» Exercise instructions
In the records that follow, find each line with the word "ring" and copy it.

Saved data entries
────────
(* If [T^r q(T) = 0] with [q(0) <> 0], symmetry lowers [r] to [1]: [T q(T) = 0]. *)
Lemma lowest_order_relation (c : nat -> R) r y a :
  (forall x a, (a < N)%nat -> rsum (S N) (fun k => c k * pw k x a) = 0) ->
  (forall k, (k < r)%nat -> c k = 0) -> (r <= N)%nat -> (a < N)%nat ->
  c r * mapply N T y a + rsum (N - r) (fun j => c (r + S j)%nat * pw (S (S j)) y a) = 0.
Proof.
  intros Hc Hlow HrN Ha.
  set (Q := fun b => rsum (S (N - r)) (fun j => c (r + j)%nat * pw j y b)).
  assert (HQ : forall a, (a < N)%nat -> pw r Q a = 0).
  { intros a' Ha'. rewrite <- (Hc y a' Ha').
    replace (S N) with (r + S (N - r))%nat by lia.
    rewrite rsum_app, (rsum_eq0 r) by (intros k Hk; rewrite Hlow by exact Hk; ring).
    rewrite Rplus_0_l. unfold Q. rewrite iter_mapply_rsum.
    apply rsum_ext. intros. rewrite Nat.iter_add. reflexivity. }
  assert (HTQ : mapply N T Q a = 0).
  { destruct r as [|k].
    - apply rsum_eq0. intros b Hb. change (Q b) with (pw 0 Q b). rewrite HQ by exact Hb. ring.
    - exact (iter_sym_kernel k Q HQ a Ha). }
  unfold Q in HTQ. rewrite mapply_rsum, rsum_Sn_l, Nat.add_0_r in HTQ. exact HTQ.
Qed.

(* With [q(T) = q(0) + T q'(T)], the relation [T q(T) = 0] reads [T = T^2 W] for
   [W = - q'(T) / q(0)], a polynomial in [T]. *)
Lemma relative_inverse : exists W : mat,
  (forall y a, (a < N)%nat -> mapply N T y a = mapply N T (mapply N T (mapply N W y)) a) /\
  (forall A, commutes N A T -> commutes N A W).
Proof.
  destruct (iter_char_poly N T) as [c [HcN Hc]].
  destruct (dec_inh_nat_subset_has_unique_least_element (fun k => c k <> 0))
    as [r [[Hcr Hr] _]].
  { intros k. destruct (Req_dec (c k) 0); tauto. }
  { exists N. rewrite HcN. lra. }
  assert (HrN : (r <= N)%nat) by (apply Hr; rewrite HcN; lra).
  assert (Hlow : forall k, (k < r)%nat -> c k = 0).
  { intros k Hk. destruct (Req_dec (c k) 0) as [|Hk0]; [assumption|].
    specialize (Hr k Hk0). lia. }
  set (M := (N - r)%nat).
  set (d := fun j => - c (r + S j)%nat / c r).
  exists (lincomb M d (mpow N T)).
  assert (HW : forall y a, (a < N)%nat ->
    mapply N (lincomb M d (mpow N T)) y a = rsum M (fun j => d j * pw j y a)).
  { intros y a Ha. rewrite mapply_lincomb. apply rsum_ext. intros.
    rewrite mapply_mpow by exact Ha. reflexivity. }
  split.
  - intros y a Ha.
    pose proof (lowest_order_relation c r y a Hc Hlow HrN Ha) as Hrel. fold M in Hrel.
    rewrite (mapply_ext N T (mapply N T (mapply N (lincomb M d (mpow N T)) y))
               (fun b => rsum M (fun j => d j * pw (S j) y b))).
    2: { intros b Hb. rewrite (mapply_ext N T _ _ (HW y)), mapply_rsum. reflexivity. }
    rewrite mapply_rsum. unfold d.
    transitivity (- / c r * rsum M (fun j => c (r + S j)%nat * pw (S (S j)) y a)).
    + set (s := rsum M _) in Hrel |- *.
      transitivity (/ c r * (c r * mapply N T y a)); [field; exact Hcr|].
      replace (c r * mapply N T y a) with (- s) by lra. ring.
    + rewrite <- rsum_mult_l. apply rsum_ext. intros j _.
      change (pw (S (S j)) y a) with (mapply N T (fun b => pw (S j) y b) a).
      field. exact Hcr.
  - intros A HA x a Ha.
    rewrite (mapply_ext N A _ (fun b => rsum M (fun j => d j * pw j x b))) by exact (HW x).
    rewrite mapply_rsum, HW by exact Ha. apply rsum_ext. intros.
    rewrite commutes_iter by assumption. reflexivity.
Qed.

End RelativeInverse.

Lemma commutes_refl N T : commutes N T T.
Proof. intros x a _. reflexivity. Qed.

Lemma commutes_msub N S T : commutes N S T -> commutes N (msub S T) T.
Proof.
  intros HS x a Ha. rewrite !mapply_msub, HS, <- mapply_minus by exact Ha.
  apply mapply_ext. intros. rewrite mapply_msub. reflexivity.
Qed.

Section Perturbation.
Variables (N : nat) (T W : mat).
Hypothesis HT : msym N T.
Hypothesis HTW : forall y a, (a < N)%nat -> mapply N T y a = mapply N T (mapply N T (mapply N W y)) a.
Hypothesis HWcomm : forall A, commutes N A T -> commutes N A W.

Lemma mapply_TW y a : (a < N)%nat ->
  mapply N T (mapply N W y) a = mapply N W (mapply N T y) a.
Proof. apply (HWcomm T (commutes_refl N T)). Qed.

Lemma mapply_TW_T y a : (a < N)%nat -> mapply N T (mapply N W (mapply N T y)) a = mapply N T y a.
Proof.
  intros Ha. rewrite (HTW y a Ha). apply mapply_ext. intros b Hb.
  symmetry. apply mapply_TW, Hb.
Qed.

Lemma mapply_T_decomp S x a : commutes N S T -> (a < N)%nat ->
  mapply N T x a =
  mapply N T (mapply N W (mapply N S x)) a - mapply N (msub S T) (mapply N W (mapply N T x)) a.
Proof.
  intros HS Ha.
  assert (HD := commutes_msub N S T HS).
  assert (HSx : forall b, (b < N)%nat -> mapply N S x b = mapply N T x b + mapply N (msub S T) x b)
    by (intros; rewrite mapply_msub; ring).
  assert (E : forall b, (b < N)%nat -> mapply N W (mapply N S x) b =
      mapply N W (mapply N T x) b + mapply N W (mapply N (msub S T) x) b).
  { intros b _. rewrite (mapply_ext N W _ _ HSx). apply mapply_plus. }
  rewrite (mapply_ext N T _ _ E), mapply_plus, mapply_TW_T by exact Ha.
  assert (mapply N T (mapply N W (mapply N (msub S T) x)) a =
          mapply N (msub S T) (mapply N W (mapply N T x)) a).
  { rewrite (mapply_ext N T _ (mapply N (msub S T) (mapply N W x)))
      by (intros; symmetry; apply (HWcomm _ HD); assumption).
    rewrite <- HD by exact Ha. apply mapply_ext. exact (mapply_TW x). }
  lra.
Qed.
────────
» Written answer
    rewrite rsum_app, (rsum_eq0 r) by (intros k Hk; rewrite Hlow by exact Hk; ring).
    - apply rsum_eq0. intros b Hb. change (Q b) with (pw 0 Q b). rewrite HQ by exact Hb. ring.
      replace (c r * mapply N T y a) with (- s) by lra. ring.
    by (intros; rewrite mapply_msub; ring).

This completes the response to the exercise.